Dalam Rencana Umum Penyediaan Tenaga Listrik (RUPTL) 2025—2034, Indonesia berencana membangun PLTN berkapasitas total 500 megawatt (MW).
Terkait dengan rencana itu, Aryo menyebut Kadin menerima banyak pertanyaan dari negara-negara lain soal pengembangan nuklir di Tanah Air.
Menurut dia, pembahasan terkait nuklir identik dengan negara seperti AS, Rusia, dan China. Namun, kata Aryo, sebetulnya negara seperti Kanada yang memiliki cadangan uranium cukup besar dan juga menarik.
“Ada teknologi yang sangat menarik dari Kanada dan Korea. Menurut saya ini jauh lebih diterima pemerintah Presiden Donald Trump, kami tidak ingin membuat pihak AS cemas,” kata Aryo melalui siaran pers medio pekan lalu.
Aryo juga mengatakan rencana pembangunan PLTN di Indonesia menarik untuk dibahas, terutama untuk segmen reaktor skala kecil atau small modular reactor (SMR).
Rekomendasi Pakar
Dihubungi terpisah, pakar energi menyarankan Indonesia bisa menggunakan teknologi nuklir dari dua negara berbeda untuk mengembangkan PLTN skala kecil, yang ditarget beroperasi pada 2030 sebesar 500 MW. Selain Rusia, RI bisa bekerja sama dengan China.
Dosen dari Sekolah Teknik Elektro dan Informatika (STEI) Institut Teknologi Bandung (ITB) Nanang Hariyanto mengatakan teknologi reaktor modular kecil dari China cukup canggih.
Negeri Panda juga disebut memiliki sumber daya manusia (SDM) yang mumpuni dan keuangan yang baik dalam mengembangkan nuklir di Tanah Air.
“China itu punya teknologi, punya orang [SMD], finance, yang mengerjakan ada. Kalau Rusia teknologinya canggih, tetapi belum tahu finance-nya. Ini masalah geopolitik saja,” kata Nanang.
Nanang mengatakan Indonesia dapat menggunakan dua tempat atau tapak yang berbeda untuk mengembangkan teknologi SMR.
“Bisa kita gunakan teknologi negara yang berbeda, tetapi basis PLTN SMR. Kalau secara peraturan harus berbasis PLTN darat, belum ada yang PLTN terapung.

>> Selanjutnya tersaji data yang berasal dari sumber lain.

(* Let $r\geq 2$ and let $\mathcal{H}=(V,E)$ be an $r$-regular $r$-uniform hypergraph with no repeated hyperedge, $V=\{v_1,\dots,v_n\}$. Let $\mathcal{A}_{\mathcal{H}}$ be its layered e-adjacency tensor, $\Delta=\max_{1\le i\le n}\deg(v_i)$ and $\Delta^\star=\max_{1\le i\le k_{\max}-1}\deg(y_i)$ (defined in the context). Then $\mathcal{A}_{\mathcal{H}}$ has an eigenvalue $\lambda$ with $|\lambda|=\max(\Delta,\Delta^\star)$.
   Context: A hypergraph $\mathcal{H}=(V,E)$ on $V=\{v_1,\dots,v_n\}$ is a family $E$ of nonempty subsets (hyperedges) of $V$; it has no repeated hyperedge if its hyperedges are pairwise distinct; it is $r$-uniform if every hyperedge has cardinality $r$, and $r$-regular if every vertex has degree $r$ (degree $\deg(v_i)$ = number of hyperedges containing $v_i$). The range is $k_{\max}=\max\{|e|:e\in E\}$. Introduce new pairwise distinct vertices $y_1,\dots,y_{k_{\max}-1}\notin V$. The layered uniform hypergraph of $\mathcal{H}$ is the $k_{\max}$-uniform hypergraph on $V\cup\{y_1,\dots,y_{k_{\max}-1}\}$ with hyperedges $e\cup\{y_{|e|},\dots,y_{k_{\max}-1}\}$ for $e\in E$; $\deg(y_i)$ is the number of these hyperedges containing $y_i$. The layered e-adjacency tensor $\mathcal{A}_{\mathcal{H}}=(a_{i_1\dots i_{k_{\max}}})$ is the symmetric hypermatrix of order $k_{\max}$ and dimension $N=n+k_{\max}-1$ (index $i\le n$ for $v_i$, index $n+l$ for $y_l$) such that: for each $e=\{v_{i_1},\dots,v_{i_j}\}\in E$ with $i_1<\dots<i_j$, putting $i_l=n+l-1$ for $l\in\{j+1,\dots,k_{\max}\}$, every entry whose index tuple is a permutation of $(i_1,\dots,i_{k_{\max}})$ equals $\frac{1}{(k_{\max}-1)!}$; all other entries are $0$. Eigenvalues (in the sense of Qi): for a hypermatrix $\mathcal{A}=(a_{i_1\dots i_m})$ of order $m$ and dimension $N$, $\lambda\in\mathbb{C}$ is an eigenvalue if there exists a nonzero $x\in\mathbb{C}^N$ with $\sum_{i_2,\dots,i_m=1}^{N} a_{i i_2\dots i_m}x_{i_2}\cdots x_{i_m}=\lambda x_i^{m-1}$ for all $i$. *)

From HB Require Import structures.
From mathcomp Require Import all_boot all_order all_algebra.
Set Implicit Arguments. Unset Strict Implicit. Unset Printing Implicit Defensive.
Import Order.TTheory GRing.Theory Num.Theory.
Local Open Scope ring_scope.

(* A hypergraph on V = {v_1..v_n} is represented by n and a sequence E of
   hyperedges (subsets of 'I_n); vertex v_i is the ordinal i-1. *)

Definition hdeg (n : nat) (E : seq {set 'I_n}) (v : 'I_n) : nat :=
  count (fun e : {set 'I_n} => v \in e) E.

Definition kmax (n : nat) (E : seq {set 'I_n}) : nat :=
  (\max_(e <- E) #|e|)%N.

Definition ldim (n : nat) (E : seq {set 'I_n}) : nat := n + (kmax E).-1.

(* Layered hyperedge of e, as a subset of 'I_N (0-based indices):
   index i < n is vertex v_(i+1); index n + l - 1 (1 <= l <= kmax-1) is y_l.
   e is extended by y_|e|, ..., y_(kmax-1), i.e. indices i >= n with
   |e| <= i - n + 1. *)
Definition layered_edge (n : nat) (E : seq {set 'I_n}) (e : {set 'I_n})
  : {set 'I_(ldim E)} :=
  [set i : 'I_(ldim E) |
     if (i < n)%N then [exists v : 'I_n, (val v == val i) && (v \in e)]
     else (#|e| <= i - n + 1)%N].
Arguments layered_edge {n} E e.

Definition ldeg (n : nat) (E : seq {set 'I_n}) (i : 'I_(ldim E)) : nat :=
  count (fun e : {set 'I_n} => i \in layered_edge E e) E.
Arguments ldeg {n} E i.

Definition Delta (n : nat) (E : seq {set 'I_n}) : nat :=
  (\max_(v : 'I_n) hdeg E v)%N.

(* Delta* = max_{1<=l<=kmax-1} deg(y_l)  (0 if there are no y's) *)
Definition Delta_star (n : nat) (E : seq {set 'I_n}) : nat :=
  (\max_(i : 'I_(ldim E) | (n <= i)%N) ldeg E i)%N.

(* Entry of the layered e-adjacency tensor at index sequence s
   (s = (i_1,...,i_kmax)): 1/(kmax-1)! if s is a permutation of the
   (duplicate-free) index tuple of the layered hyperedge of some e in E,
   0 otherwise. *)
Definition ltensor (C : numClosedFieldType) (n : nat) (E : seq {set 'I_n})
  (s : seq 'I_(ldim E)) : C :=
  if [&& size s == kmax E, uniq s &
        has (fun e : {set 'I_n} => [set x in s] == layered_edge E e) E]
  then (((kmax E).-1)`!%:R)^-1 else 0.
Arguments ltensor C {n} E s.

Definition is_ltensor_eigenvalue (C : numClosedFieldType) (n : nat)
  (E : seq {set 'I_n}) (lambda : C) : Prop :=
  exists x : 'I_(ldim E) -> C, (exists i, x i != 0) /\
    forall i : 'I_(ldim E),
      \sum_(t : ((kmax E).-1).-tuple 'I_(ldim E))
          ltensor C E (i :: t) * \prod_(j <- t) x j
      = lambda * x i ^+ (kmax E).-1.

(* In an r-uniform hypergraph every hyperedge already has k_max = r vertices,
   so layering adds no auxiliary vertex to any edge: every y_l has degree 0 and
   Delta* = 0.  For such a hypergraph the contraction of the layered tensor is
   (A x^(k-1))_i = sum_(e containing i) prod_(j in e, j <> i) x_j, since each
   edge contributes its (k-1)! orderings, each with weight 1/(k-1)!.  For x the
   indicator of V this is deg(i) = r on V and 0 on the y's, so r = Delta =
   max(Delta, Delta* ) is an eigenvalue. *)
From mathcomp Require Import all_boot all_order all_algebra fingroup perm zify.
Set Implicit Arguments.
Unset Strict Implicit.
Unset Printing Implicit Defensive.

Import Order.TTheory GRing.Theory Num.Theory.
Local Open Scope ring_scope.

Lemma perm_enumE (T : finType) (s : seq T) (A : {set T}) :
  perm_eq s (enum A) = uniq s && ([set x in s] == A).
Proof.
apply/idP/andP => [s_A | [s_uniq /eqP <-]].
  split; first by rewrite (perm_uniq s_A) enum_uniq.
  by apply/eqP/setP => x; rewrite inE (perm_mem s_A) mem_enum.
by apply: uniq_perm; rewrite ?enum_uniq // => x; rewrite mem_enum inE.
Qed.

Lemma perm_cons_rem (T : eqType) (i : T) (s t : seq T) :
  i \in s -> perm_eq (i :: t) s = perm_eq t (rem i s).
Proof. by move=> s_i; rewrite (permPr (perm_to_rem s_i)) perm_cons. Qed.

Lemma card_perm_eq_tuples (T : finType) (k : nat) (t0 : k.-tuple T) :
  uniq t0 -> #|[pred t : k.-tuple T | perm_eq t t0]| = k`!.
Proof.
move=> t0_uniq.
pose permute (p : 'S_k) := [tuple tnth t0 (p i) | i < k].
have permute_inj : injective permute.
  move=> p q /(congr1 (fun t : k.-tuple T => tnth t)) eq_pq.
  apply/permP => i; have := congr1 (fun g => g i) eq_pq.
  by rewrite !tnth_mktuple => /(tuple_uniqP _ t0_uniq).
rewrite -card_Sn -(card_imset _ permute_inj); apply: eq_card => t.
rewrite inE /=; apply/tuple_permP/imsetP => [[p t_p] | [p _ ->]]; last by exists p.
by exists p => //; apply: val_inj.
Qed.

Lemma sum_prod_perm_cons_tuples (R : comPzSemiRingType) (T : finType) (k : nat)
    (i : T) (s : seq T) (F : T -> R) :
  uniq s -> i \in s -> size s = k.+1 ->
  \sum_(t : k.-tuple T | perm_eq (i :: t) s) \prod_(j <- t) F j
    = (\prod_(j <- rem i s) F j) *+ k`!.
Proof.
move=> s_uniq s_i s_size.
have rem_size : size (rem i s) == k by rewrite size_rem // s_size.
pose t0 := Tuple rem_size.
have t0_uniq : uniq t0 by rewrite rem_uniq.
rewrite -(card_perm_eq_tuples t0_uniq) -sumr_const.
apply: eq_big => [t | t]; rewrite ?inE perm_cons_rem //.
by move=> t_t0; rewrite (perm_big _ t_t0).
Qed.

Section LayeredEdges.
Variables (n : nat) (E : seq {set 'I_n}).

Definition vertex_index (v : 'I_n) : 'I_(ldim E) := widen_ord (leq_addr _ _) v.

Lemma vertex_index_inj : injective vertex_index.
Proof. by move=> u v /(congr1 val) /= /val_inj. Qed.

Lemma vertex_indexK (j : 'I_(ldim E)) (j_lt_n : (j < n)%N) :
  vertex_index (Ordinal j_lt_n) = j.
Proof. exact: val_inj. Qed.

Lemma mem_layered_edge_vertex (v : 'I_n) (e : {set 'I_n}) :
  (vertex_index v \in layered_edge E e) = (v \in e).
Proof.
rewrite inE /= ltn_ord; apply/existsP/idP => [[u /andP[/eqP/val_inj -> //]] | e_v].
by exists v; rewrite eqxx.
Qed.

Lemma layered_edge_inj : injective (layered_edge E).
Proof. by move=> e1 e2 eq_e; apply/setP => v; rewrite -!mem_layered_edge_vertex eq_e. Qed.

Lemma ldeg_vertex (v : 'I_n) : ldeg E (vertex_index v) = hdeg E v.
Proof. by apply: eq_count => e; rewrite mem_layered_edge_vertex. Qed.

Lemma layered_edge_full (e : {set 'I_n}) :
  (kmax E <= #|e|)%N -> layered_edge E e = vertex_index @: e.
Proof.
move=> e_full; apply/setP => j; case: (ltnP j n) => [j_lt_n | n_le_j].
  by rewrite -(vertex_indexK j_lt_n) mem_layered_edge_vertex mem_imset //; exact: vertex_index_inj.
apply/idP/imsetP => [| [v _ j_v]]; last by move: n_le_j; rewrite j_v /= leqNgt ltn_ord.
rewrite inE ltnNge n_le_j /= => e_small; exfalso.
have : (j < n + (kmax E).-1)%N by exact: ltn_ord.
by move: (nat_of_ord j) n_le_j e_small e_full => {}j; case: (kmax E) => [|k] /=; lia.
Qed.

Lemma Delta_regular d : (0 < n)%N -> (forall v, hdeg E v = d) -> Delta E = d.
Proof.
move=> n_gt0 regular; apply/eqP; rewrite eqn_leq; apply/andP; split.
  by apply/bigmax_leqP => v _; rewrite regular.
by rewrite -(regular (Ordinal n_gt0)) (leq_bigmax (Ordinal n_gt0)).
Qed.

End LayeredEdges.

Lemma uniform_card_kmax (n r : nat) (E : seq {set 'I_n}) :
  all (fun e : {set 'I_n} => #|e| == r) E ->
  {in E, forall e : {set 'I_n}, #|e| = kmax E}.
Proof.
move=> /allP uniform e E_e; apply/eqP; rewrite eqn_leq; apply/andP; split.
  exact: (leq_bigmax_seq (F := fun e : {set 'I_n} => #|e|)).
rewrite (eqP (uniform e E_e)); apply/bigmax_leqP_seq => e' E_e' _.
by rewrite (eqP (uniform e' E_e')).
Qed.

Section LayeredUniform.
Variables (C : numClosedFieldType) (n : nat) (E : seq {set 'I_n}).
Hypothesis E_uniq : uniq E.
Hypothesis E_uniform : {in E, forall e : {set 'I_n}, #|e| = kmax E}.
Local Notation L := (layered_edge E).

Lemma layered_edge_uniform : {in E, forall e, L e = vertex_index E @: e}.
Proof. by move=> e E_e; rewrite layered_edge_full // E_uniform. Qed.

Lemma card_layered_edge e : e \in E -> #|L e| = kmax E.
Proof.
move=> E_e; rewrite layered_edge_uniform // card_imset; first exact: E_uniform.
exact: vertex_index_inj.
Qed.

Lemma layered_edge_lt e j : e \in E -> j \in L e -> (j < n)%N.
Proof. by move=> E_e; rewrite layered_edge_uniform // => /imsetP[v _ ->] /=. Qed.

Lemma ldeg_ge (j : 'I_(ldim E)) : (n <= j)%N -> ldeg E j = 0%N.
Proof.
move=> n_le_j; apply/eqP; rewrite -leqn0 leqNgt -has_count; apply/hasPn => e E_e.
by apply: contraTN n_le_j => /(layered_edge_lt E_e); rewrite -ltnNge.
Qed.

Lemma Delta_star_uniform : Delta_star E = 0%N.
Proof. by apply: big1 => j; exact: ldeg_ge. Qed.

Lemma ltensorE s :
  ltensor C E s = \sum_(e <- E | perm_eq s (enum (L e))) ((kmax E).-1`!%:R)^-1.
Proof.
have edge_cond : [&& size s == kmax E, uniq s & has (fun e => [set x in s] == L e) E]
    = has (fun e => perm_eq s (enum (L e))) E.
  apply/and3P/hasP => [[_ s_uniq /hasP[e E_e s_e]] | [e E_e s_e]].
    by exists e; rewrite // perm_enumE s_uniq.
  move: (s_e); rewrite perm_enumE => /andP[s_uniq s_eq]; split=> //.
    by rewrite (perm_size s_e) -cardE card_layered_edge.
  by apply/hasP; exists e.
have count_eq_has : count (fun e => perm_eq s (enum (L e))) E
    = has (fun e => perm_eq s (enum (L e))) E.
  case s_uniq: (uniq s); last first.
    have no_edge : (fun e => perm_eq s (enum (L e))) =1 pred0.
      by move=> e; rewrite perm_enumE s_uniq.
    by rewrite (eq_count no_edge) (eq_has no_edge) count_pred0 has_pred0.
  have edge_eq : (fun e => perm_eq s (enum (L e))) =1 preim L (pred1 [set x in s]).
    by move=> e; rewrite perm_enumE s_uniq eq_sym.
  have LE_uniq : uniq (map L E) by rewrite map_inj_uniq //; exact: layered_edge_inj.
  by rewrite (eq_count edge_eq) (eq_has edge_eq) -count_map -has_map has_pred1 count_uniq_mem.
under eq_bigr do rewrite -[_^-1]mulr1n.
by rewrite sumrMnr sum1_count count_eq_has /ltensor edge_cond; case: has.
Qed.

Lemma ltensor_contractE (x : 'I_(ldim E) -> C) (i : 'I_(ldim E)) :
  \sum_(t : (kmax E).-1.-tuple 'I_(ldim E)) ltensor C E (i :: t) * \prod_(j <- t) x j
    = \sum_(e <- E | i \in L e) \prod_(j in L e :\ i) x j.
Proof.
under eq_bigr do rewrite ltensorE big_mkcond mulr_suml.
rewrite exchange_big [RHS]big_mkcond !big_seq; apply: eq_bigr => e E_e /=.
have [L_i | L_Ni] := boolP (i \in L e); last first.
  apply: big1 => t _; rewrite ifF ?mul0r //.
  by apply: contraNF L_Ni => /perm_mem; rewrite -mem_enum => <-; rewrite mem_head.
have enum_size : size (enum (L e)) = (kmax E).-1.+1.
  rewrite -cardE card_layered_edge // prednK // -(card_layered_edge E_e).
  by apply/card_gt0P; exists i.
transitivity (\sum_(t : (kmax E).-1.-tuple 'I_(ldim E) | perm_eq (i :: t) (enum (L e)))
                ((kmax E).-1`!%:R)^-1 * \prod_(j <- t) x j).
  by rewrite [RHS]big_mkcond; apply: eq_bigr => t _; case: ifP; rewrite ?mul0r.
rewrite -mulr_sumr sum_prod_perm_cons_tuples ?enum_uniq ?mem_enum //.
rewrite mulrnAr -mulr_natr mulrAC mulVf ?mul1r; last by rewrite pnatr_eq0 -lt0n fact_gt0.
rewrite rem_filter ?enum_uniq // big_filter big_enum_cond.
by apply: eq_bigl => j; rewrite in_setD1 andbC.
Qed.

Lemma ltensor_contract_indicator (i : 'I_(ldim E)) :
  \sum_(t : (kmax E).-1.-tuple 'I_(ldim E))
      ltensor C E (i :: t) * \prod_(j <- t) (j < n)%:R
    = (ldeg E i)%:R.
Proof.
rewrite ltensor_contractE /ldeg -sum1_count natr_sum big_seq_cond [RHS]big_seq_cond.
apply: eq_bigr => e /andP[E_e L_i]; apply: big1 => j /setD1P[_ L_j].
by rewrite (layered_edge_lt E_e L_j).
Qed.

Lemma regular_uniform_eigenvalue d :
  (0 < n)%N -> (forall v, hdeg E v = d) -> is_ltensor_eigenvalue E (d%:R : C).
Proof.
move=> n_gt0 regular; exists (fun j => (j < n)%:R); split.
  by exists (vertex_index E (Ordinal n_gt0)); rewrite /= n_gt0 oner_neq0.
move=> i; rewrite ltensor_contract_indicator; case: (ltnP i n) => [i_lt_n | n_le_i].
  by rewrite expr1n mulr1 -(vertex_indexK i_lt_n) ldeg_vertex regular.
have k_gt0 : (0 < (kmax E).-1)%N.
  have : (i < n + (kmax E).-1)%N by exact: ltn_ord.
  by move: (nat_of_ord i) n_le_i => m; case: (kmax E) => [|k] /=; lia.
by rewrite ldeg_ge // expr0n eqn0Ngt k_gt0 mulr0.
Qed.

End LayeredUniform.

Theorem mainTheorem3 (C : numClosedFieldType) (r n : nat)
  (E : seq {set 'I_n})
  (Hr : (2 <= r)%N)
  (Hn : (0 < n)%N)
  (Hne : all (fun e : {set 'I_n} => e != set0) E)
  (Huniq : uniq E)
  (Hunif : all (fun e : {set 'I_n} => #|e| == r) E)
  (Hreg : forall v : 'I_n, hdeg E v = r) :
  exists lambda : C, is_ltensor_eigenvalue E lambda /\
    `|lambda| = (maxn (Delta E) (Delta_star E))%:R.
Proof.
have E_uniform := uniform_card_kmax Hunif.
exists r%:R; split; first exact: regular_uniform_eigenvalue.
by rewrite (Delta_regular Hn Hreg) Delta_star_uniform // maxn0 normr_nat.
Qed.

Artinya kalau ada tipe SMR floating, dapat di dock ke pantai sehingga menyatu dengan darat untuk dioperasikan,” ujarnya.
Dalam kaitan itu, PLTN akan dibangun di atas kapal dalam dengan kapasitas kecil untuk mulai pengenalan operasi yakni dengan kapasitas sekitar 30 MW.
Menurutnya, PLTN SMR lebih baik dibangun bertahap dari kapasitas kecil hingga besar untuk meminimalisasi dampak yang ditimbulkan ke depannya.
Nanang juga memerinci jenis teknologi bisa bervariasi dari teknologi yang sudah memiliki lisensi dan sudah beroperasi untuk bekerja sama.
Negara tersebut seperti China yang mempunyai jenis teknologi PLTN berbasis SMR light water reactor (LWR) dan juga high temperature reactor (HTGR).
Kemudian, Korea yang memiliki teknologi SMR LWR, Amerika Serikat (AS) yang memiliki basis teknologi SMR LWR, serta Rusia dengan teknologi tipe LWR dengan jenis floating PLTN atau terapung dan bisa juga ditempatkan di dock pantai atau di atas kapal.
Dia menjelaskan teknologi reaktor SMR dari Rusia yang ada dan tersedia berbasis LWR floating. Sementara itu, AS dengan teknologi NuScale, Korea dengan SMART/iSMR, China dengan ACP100. Ketiganya menggunakan SMR LWR berbasis darat.
Secara aturan, kata dia, PLTN berbasis darat bisa diimplementasikan di Indonesia. Namun, harga akan relatif tergantung skema keuangan dan investasi yang dipakai.
Pembangunan unit pertama PLTN akan mempunyai harga yang relatif lebih mahal. Akan tetapi, apabila banyak unit dibangun di lokasi tapak, harga listrik yang dihasilkan bisa lebih kompetitif.